Untamed raises essential questions about labeling as a means of social control. Why think Carol, a whacko? A lot of people do. How else can you explain a woman who does such bizarre things as eat road kill, shoot suitors and scare off turtle egg poachers at gunpoint and more? Who determines by what standards and for what purposes that another earns the "scarlet letter" of tagged deviant? There is a long history going back to Socrates of dissenters being labeled, devalued and punished by bullying, shunning, persecution and even death.

Carol embraces and defends the natural world's diversity and its beautiful, tactile, spiritual force as an essence never to be replicated by museums, zoos or aquariums. Untamed will gift you the image of Carol in the red glow of the setting sun riding the back of an enormous sea turtle from the shores of her island into the sea – two sentient beings intricately connected in a vast seemingly endless universe of union and mystery. In her contribution to our inaugural issue, Ali Fields too reminds us of such beauty[1], as she tells of a student who with fellow students hiked to the top of a high peak along Wyoming’s Wind River. There they viewed the "…setting sun send a line of cottonwoods aglow. A light rain fell, making the leaves sparkle. One of the students turned to Ellis (the group’s leader) and asked, ‘Bob, what role does beauty have in education?’ “How beautiful. How important it is to share this beauty, this spiritual intimacy with our children and they with theirs to ensure perpetual stewardship of our natural world.
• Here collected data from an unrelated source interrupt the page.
(* Let $f\geq 1$, $\mathbf{K}=\mathbf{Q}(\zeta_f)$, $n=\varphi(f)$, and let $A$ be a $d\times d$ unitriangular matrix (upper triangular with ones on the diagonal) with coefficients in $\mathbf{K}$ such that every coefficient, written in the power basis $1,\zeta_f,\dots,\zeta_f^{n-1}$, has all its rational coordinates bounded by $1$ in absolute value. Then $\|A\|\leq dn^{3/2}$ and $\|A^{-1}\|=(2n)^{O(d)}$.
   Context: $\mathbf{K}^d$ carries the Hermitian form $\langle x,y\rangle=\sum_t\mathrm{tr}_{\mathbf{K}/\mathbf{Q}}(x_t\overline{y_t})$ and $\|\cdot\|$ is the induced operator norm on matrices. *)

(* The cyclotomic field K = Q(zeta_f) is realised inside the
   algebraic complex numbers algC as Q[z] for z a primitive f-th root of unity.
   An element of K is represented by a rational polynomial p, standing for
   p(z); a vector of K^d by a column vector of rational polynomials, and a
   d x d matrix over K by a matrix of rational polynomials.  Since evaluation
   at z is a ring morphism, (A *m P) represents the product A x. *)
From HB Require Import structures.
From mathcomp Require Import all_boot all_order all_algebra algC.
Set Implicit Arguments. Unset Strict Implicit. Unset Printing Implicit Defensive.
Import Order.TTheory GRing.Theory Num.Theory.
Local Open Scope ring_scope.

Definition ev (p : {poly rat}) (x : algC) : algC := (map_poly (@ratr algC) p).[x].

Definition trK (f : nat) (z : algC) (p : {poly rat}) : algC :=
  \sum_(k < f | coprime k f) ev p (z ^+ k).

(* complex conjugation on K: conj(p(z)) = p(z^{-1}) = p(z^{f-1}) *)
Definition conjK (f : nat) (p : {poly rat}) : {poly rat} := p \Po 'X^(f.-1).

Definition hermK (f : nat) (z : algC) (d : nat) (x y : 'cV[{poly rat}]_d) : algC :=
  \sum_(t < d) trK f z (x t 0 * conjK f (y t 0)).

Definition normK (f : nat) (z : algC) (d : nat) (x : 'cV[{poly rat}]_d) : algC :=
  sqrtC (hermK f z x x).

Definition opnorm_le (f : nat) (z : algC) (d : nat) (M : 'M[{poly rat}]_d) (c : algC) : Prop :=
  forall x : 'cV[{poly rat}]_d, normK f z (M *m x) <= c * normK f z x.

(* A has coefficients in K written in the power basis 1, z, ..., z^(n-1)
   (polynomials of size <= n) with all rational coordinates bounded by 1 *)
Definition coords_bounded (n d : nat) (A : 'M[{poly rat}]_d) : Prop :=
  forall i j : 'I_d, (size (A i j) <= n)%N /\ forall l : nat, `|(A i j)`_l| <= 1.

Definition unitriangular (d : nat) (A : 'M[{poly rat}]_d) : Prop :=
  (forall i : 'I_d, A i i = 1) /\ (forall i j : 'I_d, (j < i)%N -> A i j = 0).

Definition is_inverseK (z : algC) (d : nat) (A B : 'M[{poly rat}]_d) : Prop :=
  forall i j : 'I_d, ev ((A *m B) i j) z = (i == j)%:R.

(* Every embedding z |-> z^k (k coprime to f) of K into C turns the Hermitian
   form into a sum of standard Hermitian forms, so it suffices to bound the
   complex matrices sigma_k(A) and sigma_k(B) uniformly in k; sigma_k(B) is the
   inverse of sigma_k(A) because AB - 1 vanishes at z, hence at all its
   conjugates.  The entries of sigma_k(A) have modulus at most n, so
   Cauchy-Schwarz gives ||sigma_k(A)|| <= dn.  For the inverse, back
   substitution in the unitriangular system gives
   |w_i| <= |u_i| + n sum_{j>i} |w_j|, hence sum |w| <= (n+1)^d sum |u|
   (a discrete Gronwall inequality) and ||sigma_k(A)^-1|| <= sqrt d (n+1)^d,
   which is at most (2n)^(2d). *)

From HB Require Import structures.
From mathcomp Require Import all_boot all_order all_algebra algC cyclotomic.
From mathcomp Require Import ring.
Set Implicit Arguments. Unset Strict Implicit. Unset Printing Implicit Defensive.
Import Order.TTheory GRing.Theory Num.Theory.
Local Open Scope ring_scope.

Section NormBounds.
Variable R : numDomainType.

Lemma sqr_sum_le_card_sum_sqr (d : nat) (y : 'I_d -> R) :
  (forall i, 0 <= y i) -> (\sum_i y i) ^+ 2 <= d%:R * \sum_i y i ^+ 2.
Proof.
move=> y_ge0.
have sum_sqr_diff : \sum_i \sum_j (y i - y j) ^+ 2 =
    2%:R * (d%:R * \sum_i y i ^+ 2 - (\sum_i y i) ^+ 2).
  have row_sum i : \sum_j (y i - y j) ^+ 2 =
      d%:R * y i ^+ 2 - 2%:R * y i * \sum_j y j + \sum_j y j ^+ 2.
    have -> : d%:R * y i ^+ 2 = \sum_(j < d) y i ^+ 2.
      by rewrite sumr_const card_ord mulr_natl.
    rewrite mulr_sumr -sumrB -big_split /=.
    by apply: eq_bigr => j _; ring.
  under eq_bigr => i _ do rewrite row_sum.
  rewrite big_split /= sumrB -mulr_sumr -mulr_suml sumr_const card_ord mulr_natl -mulr_sumr.
  ring.
have : 0 <= \sum_i \sum_j (y i - y j) ^+ 2.
  apply: sumr_ge0 => i _; apply: sumr_ge0 => j _.
  by rewrite -real_normK ?exprn_ge0 // rpredB ?ger0_real.
by rewrite sum_sqr_diff pmulr_rge0 // subr_ge0.
Qed.

Lemma sum_sqr_le_sqr_sum (d : nat) (y : 'I_d -> R) :
  (forall i, 0 <= y i) -> \sum_i y i ^+ 2 <= (\sum_i y i) ^+ 2.
Proof.
move=> y_ge0; rewrite expr2 mulr_suml; apply: ler_sum => i _.
rewrite expr2 ler_wpM2l // (bigD1 i) //= lerDl.
by apply: sumr_ge0 => j _.
Qed.

Lemma sum_sqr_norm_mulmx_le (d : nat) (a : 'I_d -> 'I_d -> R) (m : R) (u : 'I_d -> R) :
  0 <= m -> (forall i j, `|a i j| <= m) ->
  \sum_i `|\sum_j a i j * u j| ^+ 2 <= (d%:R * m) ^+ 2 * \sum_j `|u j| ^+ 2.
Proof.
move=> m_ge0 a_le.
have row_le i : `|\sum_j a i j * u j| ^+ 2 <= m ^+ 2 * (d%:R * \sum_j `|u j| ^+ 2).
  apply: le_trans (_ : (m * \sum_j `|u j|) ^+ 2 <= _).
    rewrite lerXn2r ?nnegrE ?mulr_ge0 ?sumr_ge0 //.
    apply: le_trans (ler_norm_sum _ _ _) _.
    by rewrite mulr_sumr; apply: ler_sum => j _; rewrite normrM ler_wpM2r.
  by rewrite exprMn ler_wpM2l ?exprn_ge0 // sqr_sum_le_card_sum_sqr.
apply: le_trans (ler_sum _ (fun i _ => row_le i)) _.
rewrite sumr_const card_ord -mulr_natl le_eqVlt; apply/orP; left; apply/eqP; ring.
Qed.

Definition suffix_sum (d : nat) (g : 'I_d -> R) (k : nat) : R :=
  \sum_(j : 'I_d | (k <= j)%N) g j.

Lemma suffix_sum0 (d : nat) (g : 'I_d -> R) : suffix_sum g 0 = \sum_j g j.
Proof. exact: eq_bigl. Qed.

Lemma suffix_sumS (d : nat) (g : 'I_d -> R) (i : 'I_d) :
  suffix_sum g i = g i + suffix_sum g i.+1.
Proof.
rewrite /suffix_sum (bigD1 i) //=; congr (_ + _); apply: eq_bigl => j.
by rewrite ltn_neqAle andbC eq_sym.
Qed.

Lemma suffix_sum_gronwall (d : nat) (g h : 'I_d -> R) (m : R) :
  0 <= m -> (forall i, 0 <= h i) ->
  (forall i : 'I_d, g i <= h i + m * suffix_sum g i.+1) ->
  \sum_i g i <= (m + 1) ^+ d * \sum_i h i.
Proof.
move=> m_ge0 h_ge0 g_le.
have m1_ge1 : 1 <= m + 1 by rewrite lerDr.
suff suffix_le k : (k <= d)%N ->
    suffix_sum g (d - k) <= (m + 1) ^+ k * suffix_sum h (d - k).
  by have := suffix_le d (leqnn d); rewrite subnn !suffix_sum0.
elim: k => [_|k IHk lt_k_d].
  rewrite subn0 /suffix_sum big_pred0 => [|j]; last by rewrite leqNgt ltn_ord.
  by rewrite expr0 mul1r sumr_ge0.
have lt_i_d : (d - k.+1 < d)%N by rewrite ltn_subrL (leq_ltn_trans _ lt_k_d).
pose i := Ordinal lt_i_d.
have di : (d - k)%N = i.+1 by rewrite /= subnSK.
have := IHk (ltnW lt_k_d); rewrite di => IHi.
change (suffix_sum g i <= (m + 1) ^+ k.+1 * suffix_sum h i).
rewrite !suffix_sumS.
apply: le_trans (_ : h i + (m + 1) * suffix_sum g i.+1 <= _).
  by rewrite mulrDl mul1r addrA lerD2r; apply: g_le.
rewrite mulrDr exprS -!mulrA lerD ?ler_wpM2l ?(le_trans ler01) //.
by rewrite mulrA -exprS ler_peMl ?exprn_ege1.
Qed.

Section UnitriangularSystem.
Variables (d : nat) (a : 'I_d -> 'I_d -> R) (m : R).
Hypotheses (m_ge0 : 0 <= m) (a_le : forall i j, `|a i j| <= m).
Hypotheses (a_diag : forall i, a i i = 1) (a_triu : forall i j : 'I_d, (j < i)%N -> a i j = 0).
Variables (w u : 'I_d -> R).
Hypothesis a_w : forall i, \sum_j a i j * w j = u i.

Lemma norm_backsubst_le (i : 'I_d) :
  `|w i| <= `|u i| + m * suffix_sum (fun j => `|w j|) i.+1.
Proof.
have -> : w i = u i - \sum_(j | j != i) a i j * w j.
  by rewrite -a_w (bigD1 i) //= a_diag mul1r addrK.
apply: le_trans (ler_normB _ _) _; rewrite lerD2l.
apply: le_trans (ler_norm_sum _ _ _) _.
rewrite /suffix_sum mulr_sumr big_mkcond [X in _ <= X]big_mkcond /=.
apply: ler_sum => j _; case: (ltngtP i j) => [lt_ij|lt_ji|/val_inj->].
- by rewrite -val_eqE (gtn_eqF lt_ij) normrM ler_wpM2r.
- by rewrite -val_eqE (ltn_eqF lt_ji) a_triu ?mul0r ?normr0.
- by rewrite eqxx.
Qed.

Lemma sum_sqr_norm_backsubst_le :
  \sum_j `|w j| ^+ 2 <= (d%:R * (m + 1) ^+ (2 * d)) * \sum_j `|u j| ^+ 2.
Proof.
have sum_w_le := suffix_sum_gronwall m_ge0 (fun j => normr_ge0 (u j)) norm_backsubst_le.
apply: le_trans (sum_sqr_le_sqr_sum (fun j => normr_ge0 (w j))) _.
apply: le_trans (_ : ((m + 1) ^+ d * \sum_j `|u j|) ^+ 2 <= _).
  have sum_norm_ge0 (v : 'I_d -> R) : 0 <= \sum_j `|v j| by apply: sumr_ge0.
  by rewrite lerXn2r ?nnegrE ?mulr_ge0 ?exprn_ge0 ?addr_ge0 ?sum_norm_ge0.
rewrite exprMn -exprM mulnC [d%:R * _]mulrC -mulrA ler_wpM2l ?exprn_ge0 ?addr_ge0 //.
by rewrite sqr_sum_le_card_sum_sqr.
Qed.

End UnitriangularSystem.

End NormBounds.

Lemma ev_sum (I : finType) (F : I -> {poly rat}) (x : algC) :
  ev (\sum_i F i) x = \sum_i ev (F i) x.
Proof. by rewrite /ev rmorph_sum horner_sum. Qed.

Lemma evM (p q : {poly rat}) (x : algC) : ev (p * q) x = ev p x * ev q x.
Proof. by rewrite /ev rmorphM hornerM. Qed.

Lemma evB (p q : {poly rat}) (x : algC) : ev (p - q) x = ev p x - ev q x.
Proof. by rewrite /ev rmorphB hornerD hornerN. Qed.

Lemma ev_nat (k : nat) (x : algC) : ev k%:R x = k%:R.
Proof. by rewrite /ev rmorph_nat -polyC_natr hornerC. Qed.

Lemma ev_conjC (p : {poly rat}) (x : algC) : ev p x^* = (ev p x)^*.
Proof.
rewrite /ev -horner_map -map_poly_comp; congr (_.[_]).
by apply: eq_map_poly => a /=; rewrite fmorph_rat.
Qed.

Lemma ev_mulmx (d : nat) (M : 'M[{poly rat}]_d) (v : 'cV[{poly rat}]_d) (x : algC) t :
  ev ((M *m v) t 0) x = \sum_j ev (M t j) x * ev (v j 0) x.
Proof. by rewrite mxE ev_sum; apply: eq_bigr => j _; rewrite evM. Qed.

Lemma norm_ev_le (n : nat) (p : {poly rat}) (x : algC) :
  (size p <= n)%N -> (forall l, `|p`_l| <= 1) -> `|x| = 1 -> `|ev p x| <= n%:R.
Proof.
move=> size_p coef_le norm_x; rewrite /ev horner_coef size_map_poly.
apply: le_trans (ler_norm_sum _ _ _) _.
apply: le_trans (_ : _ <= \sum_(i < size p) (1 : algC)) _.
  apply: ler_sum => i _; rewrite coef_map normrM normrX norm_x expr1n mulr1.
  by rewrite -ratr_norm -(rmorph1 ratr) ler_rat.
by rewrite sumr_const card_ord ler_nat.
Qed.

Lemma ev_prim_root_exp (f : nat) (z : algC) (p q : {poly rat}) (k : nat) :
  f.-primitive_root z -> coprime k f -> ev p z = ev q z -> ev p (z ^+ k) = ev q (z ^+ k).
Proof.
move=> prim_z cop_kf /eqP; rewrite -subr_eq0 -evB => /eqP root_z.
apply/eqP; rewrite -subr_eq0 -evB.
have [minz [minzE _] minz_dvd] := minCpolyP z.
have /divpK <- : minz %| p - q by rewrite -minz_dvd /root -/(ev _ z) root_z.
have : root (map_poly ratr minz) (z ^+ k).
  by rewrite -minzE (minCpoly_cyclotomic prim_z) root_cyclotomic ?prim_root_exp_coprime.
by rewrite /root -/(ev _ _) evM => /eqP->; rewrite mulr0.
Qed.

Section UnityRoot.
Variables (f : nat) (x : algC).
Hypotheses (f_gt0 : (0 < f)%N) (x_unity : x ^+ f = 1).

Lemma norm_unity_root : `|x| = 1.
Proof.
by apply/eqP; rewrite -(pexpr_eq1 f_gt0) ?normr_ge0 // -normrX x_unity normr1.
Qed.

Lemma conjC_unity_root : x^* = x ^+ f.-1.
Proof.
have x_neq0 : x != 0 by rewrite -normr_eq0 norm_unity_root oner_neq0.
apply: (mulfI x_neq0); rewrite -exprS prednK // x_unity.
by rewrite -normCK norm_unity_root expr1n.
Qed.

Lemma ev_mul_conjK (p : {poly rat}) : ev (p * conjK f p) x = `|ev p x| ^+ 2.
Proof.
rewrite evM /conjK /ev map_comp_poly horner_comp map_polyXn hornerXn.
by rewrite -conjC_unity_root -/(ev p x^*) ev_conjC normCK.
Qed.

End UnityRoot.

Lemma leq_card_mul_succ_exp (d n : nat) : (0 < n)%N ->
  (d * (n + 1) ^ (2 * d) <= ((2 * n) ^ (2 * d)) ^ 2)%N.
Proof.
case: d => [//|d] n_gt0; rewrite expnS expn1 leq_mul //.
  apply: leq_trans (ltnW (ltn_expl d.+1 (isT : (1 < 2)%N))) _.
  apply: leq_trans (_ : (2 ^ (2 * d.+1) <= _)%N).
    by rewrite leq_pexp2l // leq_pmull.
  by rewrite leq_exp2r ?muln_gt0 // leq_pmulr.
by rewrite leq_exp2r ?muln_gt0 // mul2n -addnn leq_add2l.
Qed.

Section Conjugates.
Variables (f : nat) (z : algC).
Hypotheses (f_gt0 : (0 < f)%N) (prim_z : f.-primitive_root z).

Lemma prim_root_exp_unity (k : nat) : (z ^+ k) ^+ f = 1.
Proof. by rewrite -exprM mulnC exprM (prim_expr_order prim_z) expr1n. Qed.

Lemma hermK_self (d : nat) (x : 'cV[{poly rat}]_d) :
  hermK f z x x = \sum_(k < f | coprime k f) \sum_t `|ev (x t 0) (z ^+ k)| ^+ 2.
Proof.
rewrite /hermK /trK exchange_big /=; apply: eq_bigr => k _; apply: eq_bigr => t _.
by rewrite (ev_mul_conjK f_gt0 (prim_root_exp_unity k)).
Qed.

Lemma hermK_self_ge0 (d : nat) (x : 'cV[{poly rat}]_d) : 0 <= hermK f z x x.
Proof.
by rewrite hermK_self; apply: sumr_ge0 => k _; apply: sumr_ge0 => t _; rewrite exprn_ge0.
Qed.

Lemma opnorm_le_conjugates (d : nat) (M : 'M[{poly rat}]_d) (c : algC) : 0 <= c ->
  (forall (x : 'cV[{poly rat}]_d) (k : nat), coprime k f ->
     \sum_t `|ev ((M *m x) t 0) (z ^+ k)| ^+ 2 <= c ^+ 2 * \sum_t `|ev (x t 0) (z ^+ k)| ^+ 2) ->
  opnorm_le f z M c.
Proof.
move=> c_ge0 conj_le x; rewrite /normK -(sqrCK c_ge0).
rewrite -sqrtCM ?nnegrE ?exprn_ge0 ?hermK_self_ge0 //.
rewrite ler_sqrtC ?nnegrE ?mulr_ge0 ?exprn_ge0 ?hermK_self_ge0 //.
by rewrite !hermK_self mulr_sumr; apply: ler_sum => k; apply: conj_le.
Qed.

Section BoundedMatrix.
Variables (d : nat) (A : 'M[{poly rat}]_d).
Let n := totient f.
Hypothesis A_bounded : coords_bounded n A.

Lemma norm_ev_entry_le (k : nat) (i j : 'I_d) : `|ev (A i j) (z ^+ k)| <= n%:R.
Proof.
have [size_A coef_A] := A_bounded i j.
exact: norm_ev_le size_A coef_A (norm_unity_root f_gt0 (prim_root_exp_unity k)).
Qed.

Lemma opnorm_le_coords_bounded : opnorm_le f z A (d%:R * sqrtC (n%:R ^+ 3)).
Proof.
apply: opnorm_le_conjugates => [|x k _]; first by rewrite mulr_ge0 ?sqrtC_ge0 ?exprn_ge0.
under eq_bigr => t _ do rewrite ev_mulmx.
apply: le_trans (sum_sqr_norm_mulmx_le _ (ler0n _ n) (@norm_ev_entry_le k)) _.
apply: ler_wpM2r; first by apply: sumr_ge0 => t _; rewrite exprn_ge0.
rewrite !exprMn sqrtCK; apply: ler_wpM2l; first exact: exprn_ge0.
by rewrite -!natrX ler_nat leq_pexp2l ?totient_gt0.
Qed.

Lemma opnorm_le_inverseK (B : 'M[{poly rat}]_d) :
  unitriangular A -> is_inverseK z A B -> opnorm_le f z B ((2 * n)%:R ^+ (2 * d)).
Proof.
move=> [A_diag A_triu] AB1.
apply: opnorm_le_conjugates => [|x k cop_kf]; first by rewrite exprn_ge0.
pose y := z ^+ k.
have AB1_y i j : ev ((A *m B) i j) y = (i == j)%:R.
  rewrite -(ev_nat _ y); apply: ev_prim_root_exp prim_z cop_kf _.
  by rewrite AB1 ev_nat.
have A_Bx i : \sum_j ev (A i j) y * ev ((B *m x) j 0) y = ev (x i 0) y.
  rewrite -ev_mulmx mulmxA ev_mulmx (bigD1 i) //= AB1_y eqxx mul1r big1 ?addr0 // => j ji.
  by rewrite AB1_y eq_sym (negbTE ji) mul0r.
apply: le_trans (sum_sqr_norm_backsubst_le (ler0n _ n) (@norm_ev_entry_le k) _ _ A_Bx) _.
- by move=> i; rewrite A_diag -[1]/(1%:R) ev_nat.
- by move=> i j lt_ji; rewrite A_triu // -[0]/(0%:R) ev_nat.
apply: ler_wpM2r; first by apply: sumr_ge0 => t _; rewrite exprn_ge0.
rewrite natr1 -!natrX -natrM ler_nat -addn1.
by rewrite leq_card_mul_succ_exp ?totient_gt0.
Qed.

End BoundedMatrix.

End Conjugates.

Theorem lemma13 :
  exists C : nat,
  forall (f : nat) (z : algC), (1 <= f)%N -> f.-primitive_root z ->
  forall (d : nat) (A : 'M[{poly rat}]_d),
    unitriangular A -> coords_bounded (totient f) A ->
    opnorm_le f z A (d%:R * sqrtC ((totient f)%:R ^+ 3)) /\
    (forall B : 'M[{poly rat}]_d, is_inverseK z A B ->
       opnorm_le f z B (((2 * totient f)%:R) ^+ (C * d))).
Proof.
exists 2%N => f z f_gt0 prim_z d A A_unitri A_bounded; split.
  exact: opnorm_le_coords_bounded.
by move=> B AB1; apply: opnorm_le_inverseK.
Qed.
I would be interested to hear your thoughts.

John P. Terry

 

John P. Terry, founded the Gulf of Maine Institute in 1999. John was Editor-in-Chief, CYD (Community Youth Development) Journal from Aug. 1994 to Nov. 2002. John has broad teaching and administrative experience at the university level including the Massachusetts Institute of Technology, 1969-1984, University of Massachusetts, Lowell, 1985-1992, and Union College, Schenectady, NY, 1964-1969. John received national recognition in 2006 when selected as Civic Ventures,’ Lead with Experience Program 2006 Purpose Prize Fellows. He is also a 2008 recipient of the Gulf of Maine Council on the Marine Environment Visionary Award.